Your job with the data below is to output exactly the lines from the one holding "by apply/eqP/eqP =>" down to the one holding "Lemma sum_cosetN_Some_mul g", both included, and no others.

──────── Data for this exercise ────────

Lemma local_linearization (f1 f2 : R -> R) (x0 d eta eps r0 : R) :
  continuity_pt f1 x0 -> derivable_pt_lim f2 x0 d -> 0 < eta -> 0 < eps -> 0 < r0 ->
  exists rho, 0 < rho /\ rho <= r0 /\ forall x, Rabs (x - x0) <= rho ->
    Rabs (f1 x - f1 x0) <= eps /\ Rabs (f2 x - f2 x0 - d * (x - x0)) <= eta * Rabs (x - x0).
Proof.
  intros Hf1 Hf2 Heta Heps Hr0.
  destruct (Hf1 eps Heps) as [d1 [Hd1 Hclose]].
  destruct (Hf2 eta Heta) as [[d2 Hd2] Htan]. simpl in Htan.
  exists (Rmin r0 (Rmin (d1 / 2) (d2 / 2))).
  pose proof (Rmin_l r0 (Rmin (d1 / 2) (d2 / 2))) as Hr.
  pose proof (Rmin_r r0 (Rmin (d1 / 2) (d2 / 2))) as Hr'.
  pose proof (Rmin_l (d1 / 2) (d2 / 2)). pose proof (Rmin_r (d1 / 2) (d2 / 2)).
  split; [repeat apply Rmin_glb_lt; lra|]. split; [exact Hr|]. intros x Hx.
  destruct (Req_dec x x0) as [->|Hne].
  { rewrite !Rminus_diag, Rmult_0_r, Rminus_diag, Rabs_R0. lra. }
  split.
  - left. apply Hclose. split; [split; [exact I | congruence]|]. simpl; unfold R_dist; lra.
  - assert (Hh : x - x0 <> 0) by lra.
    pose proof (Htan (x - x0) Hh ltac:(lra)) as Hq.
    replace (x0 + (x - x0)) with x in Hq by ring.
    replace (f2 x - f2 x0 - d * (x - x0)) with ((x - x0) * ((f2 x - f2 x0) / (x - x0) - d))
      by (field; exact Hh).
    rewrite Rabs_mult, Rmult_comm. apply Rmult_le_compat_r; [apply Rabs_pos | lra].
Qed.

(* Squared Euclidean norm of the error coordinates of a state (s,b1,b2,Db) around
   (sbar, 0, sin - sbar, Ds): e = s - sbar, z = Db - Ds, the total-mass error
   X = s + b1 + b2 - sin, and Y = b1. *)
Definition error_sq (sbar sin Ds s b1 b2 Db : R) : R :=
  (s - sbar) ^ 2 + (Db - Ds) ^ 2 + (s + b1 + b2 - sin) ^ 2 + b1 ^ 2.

────────
──────── Data for this exercise ────────

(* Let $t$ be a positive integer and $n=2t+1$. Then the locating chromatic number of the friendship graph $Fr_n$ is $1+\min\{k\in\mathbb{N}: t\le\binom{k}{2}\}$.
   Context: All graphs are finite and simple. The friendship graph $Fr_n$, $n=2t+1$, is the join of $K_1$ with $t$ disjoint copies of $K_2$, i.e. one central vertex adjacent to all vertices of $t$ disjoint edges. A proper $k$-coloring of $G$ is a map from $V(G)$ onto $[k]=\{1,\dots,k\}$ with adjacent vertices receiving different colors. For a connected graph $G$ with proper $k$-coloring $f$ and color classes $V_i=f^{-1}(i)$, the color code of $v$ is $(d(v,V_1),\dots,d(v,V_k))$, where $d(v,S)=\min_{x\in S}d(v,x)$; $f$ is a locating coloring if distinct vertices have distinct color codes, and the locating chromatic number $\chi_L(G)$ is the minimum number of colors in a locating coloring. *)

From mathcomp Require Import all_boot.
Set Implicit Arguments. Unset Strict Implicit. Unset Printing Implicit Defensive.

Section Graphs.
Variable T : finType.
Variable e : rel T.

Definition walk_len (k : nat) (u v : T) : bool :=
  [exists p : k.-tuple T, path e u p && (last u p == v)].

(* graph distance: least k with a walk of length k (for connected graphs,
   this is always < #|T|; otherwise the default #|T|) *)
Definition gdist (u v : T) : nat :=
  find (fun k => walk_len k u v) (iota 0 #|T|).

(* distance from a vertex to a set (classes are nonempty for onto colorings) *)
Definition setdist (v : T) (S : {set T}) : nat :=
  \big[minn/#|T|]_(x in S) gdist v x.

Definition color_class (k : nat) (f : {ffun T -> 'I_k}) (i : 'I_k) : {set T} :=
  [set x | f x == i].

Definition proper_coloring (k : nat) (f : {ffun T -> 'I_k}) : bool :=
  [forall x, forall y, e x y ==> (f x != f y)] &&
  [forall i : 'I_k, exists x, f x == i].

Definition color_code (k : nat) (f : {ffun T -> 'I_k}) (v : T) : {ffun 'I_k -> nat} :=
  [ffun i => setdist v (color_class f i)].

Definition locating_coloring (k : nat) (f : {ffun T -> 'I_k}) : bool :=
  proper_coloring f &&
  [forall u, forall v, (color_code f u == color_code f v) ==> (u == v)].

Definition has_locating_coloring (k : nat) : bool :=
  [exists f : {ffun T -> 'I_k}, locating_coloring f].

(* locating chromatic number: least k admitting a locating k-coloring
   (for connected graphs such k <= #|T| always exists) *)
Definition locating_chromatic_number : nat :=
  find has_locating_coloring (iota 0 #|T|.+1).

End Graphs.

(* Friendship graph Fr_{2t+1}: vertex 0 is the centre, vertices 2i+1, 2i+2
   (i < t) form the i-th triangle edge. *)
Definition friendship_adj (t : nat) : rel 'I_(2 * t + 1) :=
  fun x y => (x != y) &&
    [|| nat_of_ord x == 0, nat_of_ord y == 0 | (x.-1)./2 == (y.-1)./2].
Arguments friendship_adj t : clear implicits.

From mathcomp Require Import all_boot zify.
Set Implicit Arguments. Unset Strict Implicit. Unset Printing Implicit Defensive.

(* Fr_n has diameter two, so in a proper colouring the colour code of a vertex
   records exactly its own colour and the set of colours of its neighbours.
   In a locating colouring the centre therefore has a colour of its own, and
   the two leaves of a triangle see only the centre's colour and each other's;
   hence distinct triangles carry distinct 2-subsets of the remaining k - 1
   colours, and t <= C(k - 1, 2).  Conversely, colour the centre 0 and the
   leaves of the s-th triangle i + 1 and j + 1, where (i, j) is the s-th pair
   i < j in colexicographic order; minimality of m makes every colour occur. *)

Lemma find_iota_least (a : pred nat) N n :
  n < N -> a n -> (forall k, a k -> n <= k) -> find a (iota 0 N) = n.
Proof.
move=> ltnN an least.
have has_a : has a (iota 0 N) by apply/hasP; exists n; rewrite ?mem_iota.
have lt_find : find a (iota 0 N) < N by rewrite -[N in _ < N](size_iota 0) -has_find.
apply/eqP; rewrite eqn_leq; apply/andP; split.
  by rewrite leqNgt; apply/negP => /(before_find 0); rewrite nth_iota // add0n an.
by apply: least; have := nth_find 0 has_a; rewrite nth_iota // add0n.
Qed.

────────
──────── Data for this exercise ────────

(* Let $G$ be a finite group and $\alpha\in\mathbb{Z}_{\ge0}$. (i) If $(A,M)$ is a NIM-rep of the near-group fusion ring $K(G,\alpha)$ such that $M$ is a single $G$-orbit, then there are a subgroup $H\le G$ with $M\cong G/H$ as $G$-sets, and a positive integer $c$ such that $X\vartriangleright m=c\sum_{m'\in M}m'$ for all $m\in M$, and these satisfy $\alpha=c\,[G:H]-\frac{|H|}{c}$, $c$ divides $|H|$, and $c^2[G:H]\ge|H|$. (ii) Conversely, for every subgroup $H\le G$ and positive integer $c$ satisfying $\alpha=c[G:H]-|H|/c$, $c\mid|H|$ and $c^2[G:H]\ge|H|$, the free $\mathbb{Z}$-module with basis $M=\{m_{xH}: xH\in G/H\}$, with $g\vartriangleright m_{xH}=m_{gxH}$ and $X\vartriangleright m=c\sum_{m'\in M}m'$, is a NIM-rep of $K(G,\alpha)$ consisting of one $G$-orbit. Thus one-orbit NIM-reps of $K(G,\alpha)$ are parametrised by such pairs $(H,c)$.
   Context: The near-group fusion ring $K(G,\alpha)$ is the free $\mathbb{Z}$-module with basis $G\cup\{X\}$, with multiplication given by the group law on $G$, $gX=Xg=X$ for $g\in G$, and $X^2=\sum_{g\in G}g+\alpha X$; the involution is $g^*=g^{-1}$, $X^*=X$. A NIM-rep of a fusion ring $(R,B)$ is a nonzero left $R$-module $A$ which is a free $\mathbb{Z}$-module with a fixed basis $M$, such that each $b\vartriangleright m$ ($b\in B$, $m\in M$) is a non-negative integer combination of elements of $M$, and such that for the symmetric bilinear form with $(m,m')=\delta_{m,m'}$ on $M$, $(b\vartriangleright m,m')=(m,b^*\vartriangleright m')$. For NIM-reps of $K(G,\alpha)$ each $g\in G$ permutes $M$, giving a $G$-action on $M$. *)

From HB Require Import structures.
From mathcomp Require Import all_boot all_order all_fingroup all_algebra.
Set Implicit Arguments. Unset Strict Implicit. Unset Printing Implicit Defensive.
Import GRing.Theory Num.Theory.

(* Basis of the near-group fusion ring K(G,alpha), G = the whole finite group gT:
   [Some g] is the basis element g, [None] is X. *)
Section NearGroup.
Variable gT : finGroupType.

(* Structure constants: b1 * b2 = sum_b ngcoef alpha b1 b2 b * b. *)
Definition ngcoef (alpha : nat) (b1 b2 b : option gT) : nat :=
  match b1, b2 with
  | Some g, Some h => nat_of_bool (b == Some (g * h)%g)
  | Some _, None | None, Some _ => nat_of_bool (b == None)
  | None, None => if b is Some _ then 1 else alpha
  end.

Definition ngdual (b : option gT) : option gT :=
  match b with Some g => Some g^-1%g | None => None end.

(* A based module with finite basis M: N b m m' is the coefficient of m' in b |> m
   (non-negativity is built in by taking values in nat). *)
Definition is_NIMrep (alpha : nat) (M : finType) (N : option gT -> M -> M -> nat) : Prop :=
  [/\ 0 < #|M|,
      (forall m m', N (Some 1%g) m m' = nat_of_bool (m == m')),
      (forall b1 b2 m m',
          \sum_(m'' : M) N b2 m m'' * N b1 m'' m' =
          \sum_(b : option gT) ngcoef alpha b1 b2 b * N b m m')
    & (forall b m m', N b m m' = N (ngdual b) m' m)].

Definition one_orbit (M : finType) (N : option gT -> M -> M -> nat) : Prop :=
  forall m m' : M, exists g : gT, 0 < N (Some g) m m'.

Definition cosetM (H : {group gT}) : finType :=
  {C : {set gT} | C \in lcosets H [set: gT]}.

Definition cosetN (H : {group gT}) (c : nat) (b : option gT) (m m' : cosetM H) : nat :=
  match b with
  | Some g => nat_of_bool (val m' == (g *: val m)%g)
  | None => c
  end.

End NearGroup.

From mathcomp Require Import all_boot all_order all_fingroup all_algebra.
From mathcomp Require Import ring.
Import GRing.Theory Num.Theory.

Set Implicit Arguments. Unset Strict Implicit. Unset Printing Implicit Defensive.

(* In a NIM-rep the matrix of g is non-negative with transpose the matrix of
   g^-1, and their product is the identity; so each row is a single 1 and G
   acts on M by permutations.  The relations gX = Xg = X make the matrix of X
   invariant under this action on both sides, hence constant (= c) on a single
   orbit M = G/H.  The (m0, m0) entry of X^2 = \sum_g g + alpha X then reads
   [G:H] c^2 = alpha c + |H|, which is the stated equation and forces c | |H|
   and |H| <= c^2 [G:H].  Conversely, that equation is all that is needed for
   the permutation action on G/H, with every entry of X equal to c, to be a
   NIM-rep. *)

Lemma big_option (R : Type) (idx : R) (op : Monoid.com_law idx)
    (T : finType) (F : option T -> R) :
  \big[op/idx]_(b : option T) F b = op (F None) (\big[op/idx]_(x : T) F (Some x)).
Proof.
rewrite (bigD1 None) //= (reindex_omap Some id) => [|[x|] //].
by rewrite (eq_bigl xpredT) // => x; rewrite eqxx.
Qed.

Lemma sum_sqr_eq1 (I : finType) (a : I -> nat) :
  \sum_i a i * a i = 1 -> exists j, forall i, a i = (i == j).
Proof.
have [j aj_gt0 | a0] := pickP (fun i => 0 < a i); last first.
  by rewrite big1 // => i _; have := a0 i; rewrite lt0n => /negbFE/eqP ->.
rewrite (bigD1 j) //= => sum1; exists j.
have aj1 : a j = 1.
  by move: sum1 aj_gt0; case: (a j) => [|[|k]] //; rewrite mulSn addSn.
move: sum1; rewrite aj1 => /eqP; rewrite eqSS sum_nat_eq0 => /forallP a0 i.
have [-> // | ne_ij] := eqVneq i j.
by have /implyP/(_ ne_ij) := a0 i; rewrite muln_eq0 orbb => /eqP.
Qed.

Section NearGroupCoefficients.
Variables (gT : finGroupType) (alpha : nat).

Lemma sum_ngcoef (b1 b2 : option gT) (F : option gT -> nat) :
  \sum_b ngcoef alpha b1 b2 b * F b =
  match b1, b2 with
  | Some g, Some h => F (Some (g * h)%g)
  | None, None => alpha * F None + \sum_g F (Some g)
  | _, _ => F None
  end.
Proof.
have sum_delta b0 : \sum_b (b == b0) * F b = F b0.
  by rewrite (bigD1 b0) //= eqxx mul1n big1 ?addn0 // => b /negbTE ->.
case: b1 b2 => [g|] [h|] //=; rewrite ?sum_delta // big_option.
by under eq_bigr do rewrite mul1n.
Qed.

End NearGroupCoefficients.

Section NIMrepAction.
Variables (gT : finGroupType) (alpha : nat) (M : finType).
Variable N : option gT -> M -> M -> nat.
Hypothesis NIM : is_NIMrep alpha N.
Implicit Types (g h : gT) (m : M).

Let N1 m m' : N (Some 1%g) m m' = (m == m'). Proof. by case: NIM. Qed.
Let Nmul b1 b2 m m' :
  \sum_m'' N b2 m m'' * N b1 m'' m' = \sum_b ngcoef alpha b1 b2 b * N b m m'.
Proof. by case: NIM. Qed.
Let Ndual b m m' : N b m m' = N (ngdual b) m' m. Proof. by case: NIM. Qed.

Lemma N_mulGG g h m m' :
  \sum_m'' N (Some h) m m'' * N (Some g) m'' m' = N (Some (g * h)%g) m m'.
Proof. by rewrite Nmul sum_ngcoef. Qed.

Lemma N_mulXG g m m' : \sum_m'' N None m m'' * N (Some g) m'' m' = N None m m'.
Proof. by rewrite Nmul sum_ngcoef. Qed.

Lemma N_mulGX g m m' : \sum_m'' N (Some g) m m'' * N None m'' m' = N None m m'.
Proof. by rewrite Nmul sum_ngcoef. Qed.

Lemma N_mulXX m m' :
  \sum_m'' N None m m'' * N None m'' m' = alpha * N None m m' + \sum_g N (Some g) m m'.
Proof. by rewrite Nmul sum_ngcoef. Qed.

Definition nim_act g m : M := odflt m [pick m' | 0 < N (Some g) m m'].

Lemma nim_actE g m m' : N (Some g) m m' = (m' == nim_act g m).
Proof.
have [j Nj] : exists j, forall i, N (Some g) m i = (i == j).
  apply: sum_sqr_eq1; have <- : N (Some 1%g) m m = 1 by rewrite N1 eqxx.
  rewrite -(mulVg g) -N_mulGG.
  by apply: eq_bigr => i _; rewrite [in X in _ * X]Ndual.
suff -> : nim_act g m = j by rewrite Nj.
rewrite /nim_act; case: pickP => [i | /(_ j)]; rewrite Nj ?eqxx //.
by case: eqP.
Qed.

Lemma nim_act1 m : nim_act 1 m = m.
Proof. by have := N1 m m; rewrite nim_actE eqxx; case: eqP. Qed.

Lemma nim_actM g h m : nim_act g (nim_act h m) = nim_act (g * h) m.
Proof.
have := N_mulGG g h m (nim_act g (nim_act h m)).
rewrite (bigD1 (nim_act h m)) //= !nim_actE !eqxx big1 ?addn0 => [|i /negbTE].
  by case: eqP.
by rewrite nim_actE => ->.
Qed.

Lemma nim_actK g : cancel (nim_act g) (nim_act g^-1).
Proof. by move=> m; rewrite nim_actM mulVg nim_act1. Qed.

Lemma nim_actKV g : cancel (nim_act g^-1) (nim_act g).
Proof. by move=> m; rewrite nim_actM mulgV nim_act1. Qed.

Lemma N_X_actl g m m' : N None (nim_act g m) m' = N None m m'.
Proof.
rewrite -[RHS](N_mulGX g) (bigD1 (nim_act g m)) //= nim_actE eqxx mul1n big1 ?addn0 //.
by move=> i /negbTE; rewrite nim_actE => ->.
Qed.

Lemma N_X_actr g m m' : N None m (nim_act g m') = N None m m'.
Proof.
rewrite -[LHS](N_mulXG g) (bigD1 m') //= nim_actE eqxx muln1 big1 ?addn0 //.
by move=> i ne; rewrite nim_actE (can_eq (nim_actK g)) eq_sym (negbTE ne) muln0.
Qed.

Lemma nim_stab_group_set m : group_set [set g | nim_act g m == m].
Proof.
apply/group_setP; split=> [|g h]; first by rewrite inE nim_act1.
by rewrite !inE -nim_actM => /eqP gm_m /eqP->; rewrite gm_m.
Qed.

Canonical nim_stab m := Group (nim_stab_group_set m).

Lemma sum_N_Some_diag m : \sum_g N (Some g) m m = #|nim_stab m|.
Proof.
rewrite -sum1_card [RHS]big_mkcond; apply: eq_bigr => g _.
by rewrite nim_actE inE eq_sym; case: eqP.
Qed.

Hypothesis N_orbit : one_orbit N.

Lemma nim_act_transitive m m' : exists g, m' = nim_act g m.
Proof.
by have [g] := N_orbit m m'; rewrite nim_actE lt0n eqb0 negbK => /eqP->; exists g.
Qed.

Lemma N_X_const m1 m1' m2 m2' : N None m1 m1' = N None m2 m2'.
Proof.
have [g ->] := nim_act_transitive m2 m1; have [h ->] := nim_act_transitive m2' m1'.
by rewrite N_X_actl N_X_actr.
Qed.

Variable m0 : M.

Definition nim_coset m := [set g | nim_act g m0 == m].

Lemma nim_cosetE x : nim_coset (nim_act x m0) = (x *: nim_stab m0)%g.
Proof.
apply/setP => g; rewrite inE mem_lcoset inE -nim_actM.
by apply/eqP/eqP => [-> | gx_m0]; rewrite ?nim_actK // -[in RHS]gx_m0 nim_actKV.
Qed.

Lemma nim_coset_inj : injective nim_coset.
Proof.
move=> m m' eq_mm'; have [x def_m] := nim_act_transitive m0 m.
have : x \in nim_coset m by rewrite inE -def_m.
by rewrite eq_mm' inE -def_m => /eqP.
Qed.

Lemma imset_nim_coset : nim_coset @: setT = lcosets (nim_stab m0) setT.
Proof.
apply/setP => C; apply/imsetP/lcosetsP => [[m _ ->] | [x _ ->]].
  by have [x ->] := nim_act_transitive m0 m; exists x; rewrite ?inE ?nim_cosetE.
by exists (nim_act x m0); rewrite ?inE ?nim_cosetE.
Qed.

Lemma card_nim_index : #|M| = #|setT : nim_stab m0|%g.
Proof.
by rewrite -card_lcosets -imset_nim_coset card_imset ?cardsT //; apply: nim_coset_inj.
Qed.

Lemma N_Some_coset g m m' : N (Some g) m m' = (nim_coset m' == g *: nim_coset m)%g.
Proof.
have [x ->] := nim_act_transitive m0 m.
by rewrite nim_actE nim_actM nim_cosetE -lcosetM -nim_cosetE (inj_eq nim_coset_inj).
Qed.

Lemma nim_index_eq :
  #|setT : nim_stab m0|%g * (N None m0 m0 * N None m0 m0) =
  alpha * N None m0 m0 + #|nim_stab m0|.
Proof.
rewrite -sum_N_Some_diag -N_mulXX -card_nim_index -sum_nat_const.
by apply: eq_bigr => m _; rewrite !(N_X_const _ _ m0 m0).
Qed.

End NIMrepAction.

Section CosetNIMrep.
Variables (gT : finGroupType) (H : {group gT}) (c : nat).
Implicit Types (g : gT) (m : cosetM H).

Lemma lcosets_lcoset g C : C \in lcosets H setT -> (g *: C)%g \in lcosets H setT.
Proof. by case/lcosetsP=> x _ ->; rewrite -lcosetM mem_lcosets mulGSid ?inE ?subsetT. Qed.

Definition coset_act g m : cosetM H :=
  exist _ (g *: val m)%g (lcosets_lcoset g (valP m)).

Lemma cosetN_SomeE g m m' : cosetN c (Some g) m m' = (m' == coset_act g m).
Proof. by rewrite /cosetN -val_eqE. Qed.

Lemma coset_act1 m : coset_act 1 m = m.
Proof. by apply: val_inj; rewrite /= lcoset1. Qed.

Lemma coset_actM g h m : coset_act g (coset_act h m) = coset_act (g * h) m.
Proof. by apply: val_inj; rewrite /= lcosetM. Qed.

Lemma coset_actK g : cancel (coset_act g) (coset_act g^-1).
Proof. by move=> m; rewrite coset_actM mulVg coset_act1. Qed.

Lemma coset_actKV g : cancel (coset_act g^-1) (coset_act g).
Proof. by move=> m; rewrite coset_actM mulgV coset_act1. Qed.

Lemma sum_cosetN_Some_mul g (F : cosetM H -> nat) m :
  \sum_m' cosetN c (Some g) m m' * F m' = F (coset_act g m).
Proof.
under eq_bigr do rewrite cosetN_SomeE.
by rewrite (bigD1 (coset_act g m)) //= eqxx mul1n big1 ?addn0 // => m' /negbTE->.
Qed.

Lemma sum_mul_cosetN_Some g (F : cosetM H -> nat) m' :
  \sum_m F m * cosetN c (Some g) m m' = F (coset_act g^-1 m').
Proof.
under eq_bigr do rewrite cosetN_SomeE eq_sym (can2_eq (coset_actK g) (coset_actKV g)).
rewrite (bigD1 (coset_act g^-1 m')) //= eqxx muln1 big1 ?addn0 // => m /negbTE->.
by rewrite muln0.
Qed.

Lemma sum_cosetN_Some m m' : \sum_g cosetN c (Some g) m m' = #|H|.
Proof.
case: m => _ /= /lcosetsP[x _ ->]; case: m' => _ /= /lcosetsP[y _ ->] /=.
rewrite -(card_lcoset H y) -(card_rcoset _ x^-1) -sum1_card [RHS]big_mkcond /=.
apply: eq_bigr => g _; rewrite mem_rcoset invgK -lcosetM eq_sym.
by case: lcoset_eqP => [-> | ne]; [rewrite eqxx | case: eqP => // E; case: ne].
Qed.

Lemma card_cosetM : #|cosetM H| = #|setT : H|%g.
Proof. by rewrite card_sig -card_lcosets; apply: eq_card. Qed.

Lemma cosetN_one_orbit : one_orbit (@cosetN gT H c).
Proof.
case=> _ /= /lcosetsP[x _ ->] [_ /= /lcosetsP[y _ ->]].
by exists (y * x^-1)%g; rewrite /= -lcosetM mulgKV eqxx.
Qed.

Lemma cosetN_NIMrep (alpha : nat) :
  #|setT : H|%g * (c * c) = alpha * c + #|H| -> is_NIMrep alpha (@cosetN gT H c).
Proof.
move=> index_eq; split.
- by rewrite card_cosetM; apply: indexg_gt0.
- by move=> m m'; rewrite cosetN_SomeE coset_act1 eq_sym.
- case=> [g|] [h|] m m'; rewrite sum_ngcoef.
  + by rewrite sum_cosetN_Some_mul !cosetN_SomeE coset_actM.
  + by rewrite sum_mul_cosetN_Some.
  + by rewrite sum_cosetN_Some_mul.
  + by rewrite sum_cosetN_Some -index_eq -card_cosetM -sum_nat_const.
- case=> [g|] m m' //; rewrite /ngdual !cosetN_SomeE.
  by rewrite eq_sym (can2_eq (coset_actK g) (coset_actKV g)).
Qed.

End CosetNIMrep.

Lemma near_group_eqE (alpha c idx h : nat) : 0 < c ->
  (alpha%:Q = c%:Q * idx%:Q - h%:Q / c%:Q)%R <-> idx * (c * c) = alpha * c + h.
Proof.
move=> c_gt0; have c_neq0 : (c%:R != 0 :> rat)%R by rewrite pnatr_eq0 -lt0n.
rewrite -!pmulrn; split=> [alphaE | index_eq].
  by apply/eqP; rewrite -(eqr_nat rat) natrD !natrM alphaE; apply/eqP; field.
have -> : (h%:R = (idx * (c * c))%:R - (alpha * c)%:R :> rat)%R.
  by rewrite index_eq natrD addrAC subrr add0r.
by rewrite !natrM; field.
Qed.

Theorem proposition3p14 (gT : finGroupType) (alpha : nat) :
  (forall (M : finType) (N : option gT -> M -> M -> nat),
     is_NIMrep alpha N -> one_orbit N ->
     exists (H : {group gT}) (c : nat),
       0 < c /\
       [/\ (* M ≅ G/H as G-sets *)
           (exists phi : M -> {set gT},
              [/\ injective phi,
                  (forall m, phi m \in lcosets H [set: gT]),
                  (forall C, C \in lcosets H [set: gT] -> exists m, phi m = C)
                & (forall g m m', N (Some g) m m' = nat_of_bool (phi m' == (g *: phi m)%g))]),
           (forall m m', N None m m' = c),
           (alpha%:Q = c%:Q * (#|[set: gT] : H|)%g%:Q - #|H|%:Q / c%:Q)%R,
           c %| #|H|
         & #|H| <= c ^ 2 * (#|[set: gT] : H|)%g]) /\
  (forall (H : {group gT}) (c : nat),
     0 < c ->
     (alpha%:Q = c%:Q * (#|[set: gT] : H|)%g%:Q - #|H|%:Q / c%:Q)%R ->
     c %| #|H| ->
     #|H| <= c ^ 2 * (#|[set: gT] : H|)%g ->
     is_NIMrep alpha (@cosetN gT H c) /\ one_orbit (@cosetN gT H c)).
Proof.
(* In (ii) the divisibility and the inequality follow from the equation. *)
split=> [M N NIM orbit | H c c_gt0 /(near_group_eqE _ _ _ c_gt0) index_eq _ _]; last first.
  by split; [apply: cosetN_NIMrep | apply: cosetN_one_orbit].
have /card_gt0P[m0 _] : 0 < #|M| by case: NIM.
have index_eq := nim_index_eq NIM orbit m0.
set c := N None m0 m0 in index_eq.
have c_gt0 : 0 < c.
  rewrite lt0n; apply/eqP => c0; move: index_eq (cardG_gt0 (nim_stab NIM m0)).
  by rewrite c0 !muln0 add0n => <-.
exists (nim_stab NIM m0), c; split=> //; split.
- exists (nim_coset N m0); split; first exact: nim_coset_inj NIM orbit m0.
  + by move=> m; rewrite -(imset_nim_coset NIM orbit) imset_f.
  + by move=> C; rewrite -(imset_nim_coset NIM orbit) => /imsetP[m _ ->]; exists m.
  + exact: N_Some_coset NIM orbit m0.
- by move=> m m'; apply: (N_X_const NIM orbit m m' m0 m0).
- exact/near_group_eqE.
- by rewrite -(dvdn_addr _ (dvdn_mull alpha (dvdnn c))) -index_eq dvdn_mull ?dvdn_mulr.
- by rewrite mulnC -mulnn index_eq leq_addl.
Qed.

────────

• Written response:
by apply/eqP/eqP => [-> | gx_m0]; rewrite ?nim_actK // -[in RHS]gx_m0 nim_actKV.
Qed.

Lemma nim_coset_inj : injective nim_coset.
Proof.
move=> m m' eq_mm'; have [x def_m] := nim_act_transitive m0 m.
have : x \in nim_coset m by rewrite inE -def_m.
by rewrite eq_mm' inE -def_m => /eqP.
Qed.

Lemma imset_nim_coset : nim_coset @: setT = lcosets (nim_stab m0) setT.
Proof.
apply/setP => C; apply/imsetP/lcosetsP => [[m _ ->] | [x _ ->]].
  by have [x ->] := nim_act_transitive m0 m; exists x; rewrite ?inE ?nim_cosetE.
by exists (nim_act x m0); rewrite ?inE ?nim_cosetE.
Qed.

Lemma card_nim_index : #|M| = #|setT : nim_stab m0|%g.
Proof.
by rewrite -card_lcosets -imset_nim_coset card_imset ?cardsT //; apply: nim_coset_inj.
Qed.

Lemma N_Some_coset g m m' : N (Some g) m m' = (nim_coset m' == g *: nim_coset m)%g.
Proof.
have [x ->] := nim_act_transitive m0 m.
by rewrite nim_actE nim_actM nim_cosetE -lcosetM -nim_cosetE (inj_eq nim_coset_inj).
Qed.

Lemma nim_index_eq :
  #|setT : nim_stab m0|%g * (N None m0 m0 * N None m0 m0) =
  alpha * N None m0 m0 + #|nim_stab m0|.
Proof.
rewrite -sum_N_Some_diag -N_mulXX -card_nim_index -sum_nat_const.
by apply: eq_bigr => m _; rewrite !(N_X_const _ _ m0 m0).
Qed.

End NIMrepAction.

Section CosetNIMrep.
Variables (gT : finGroupType) (H : {group gT}) (c : nat).
Implicit Types (g : gT) (m : cosetM H).

Lemma lcosets_lcoset g C : C \in lcosets H setT -> (g *: C)%g \in lcosets H setT.
Proof. by case/lcosetsP=> x _ ->; rewrite -lcosetM mem_lcosets mulGSid ?inE ?subsetT. Qed.

Definition coset_act g m : cosetM H :=
  exist _ (g *: val m)%g (lcosets_lcoset g (valP m)).

Lemma cosetN_SomeE g m m' : cosetN c (Some g) m m' = (m' == coset_act g m).
Proof. by rewrite /cosetN -val_eqE. Qed.

Lemma coset_act1 m : coset_act 1 m = m.
Proof. by apply: val_inj; rewrite /= lcoset1. Qed.

Lemma coset_actM g h m : coset_act g (coset_act h m) = coset_act (g * h) m.
Proof. by apply: val_inj; rewrite /= lcosetM. Qed.

Lemma coset_actK g : cancel (coset_act g) (coset_act g^-1).
Proof. by move=> m; rewrite coset_actM mulVg coset_act1. Qed.

Lemma coset_actKV g : cancel (coset_act g^-1) (coset_act g).
Proof. by move=> m; rewrite coset_actM mulgV coset_act1. Qed.

Lemma sum_cosetN_Some_mul g (F : cosetM H -> nat) m :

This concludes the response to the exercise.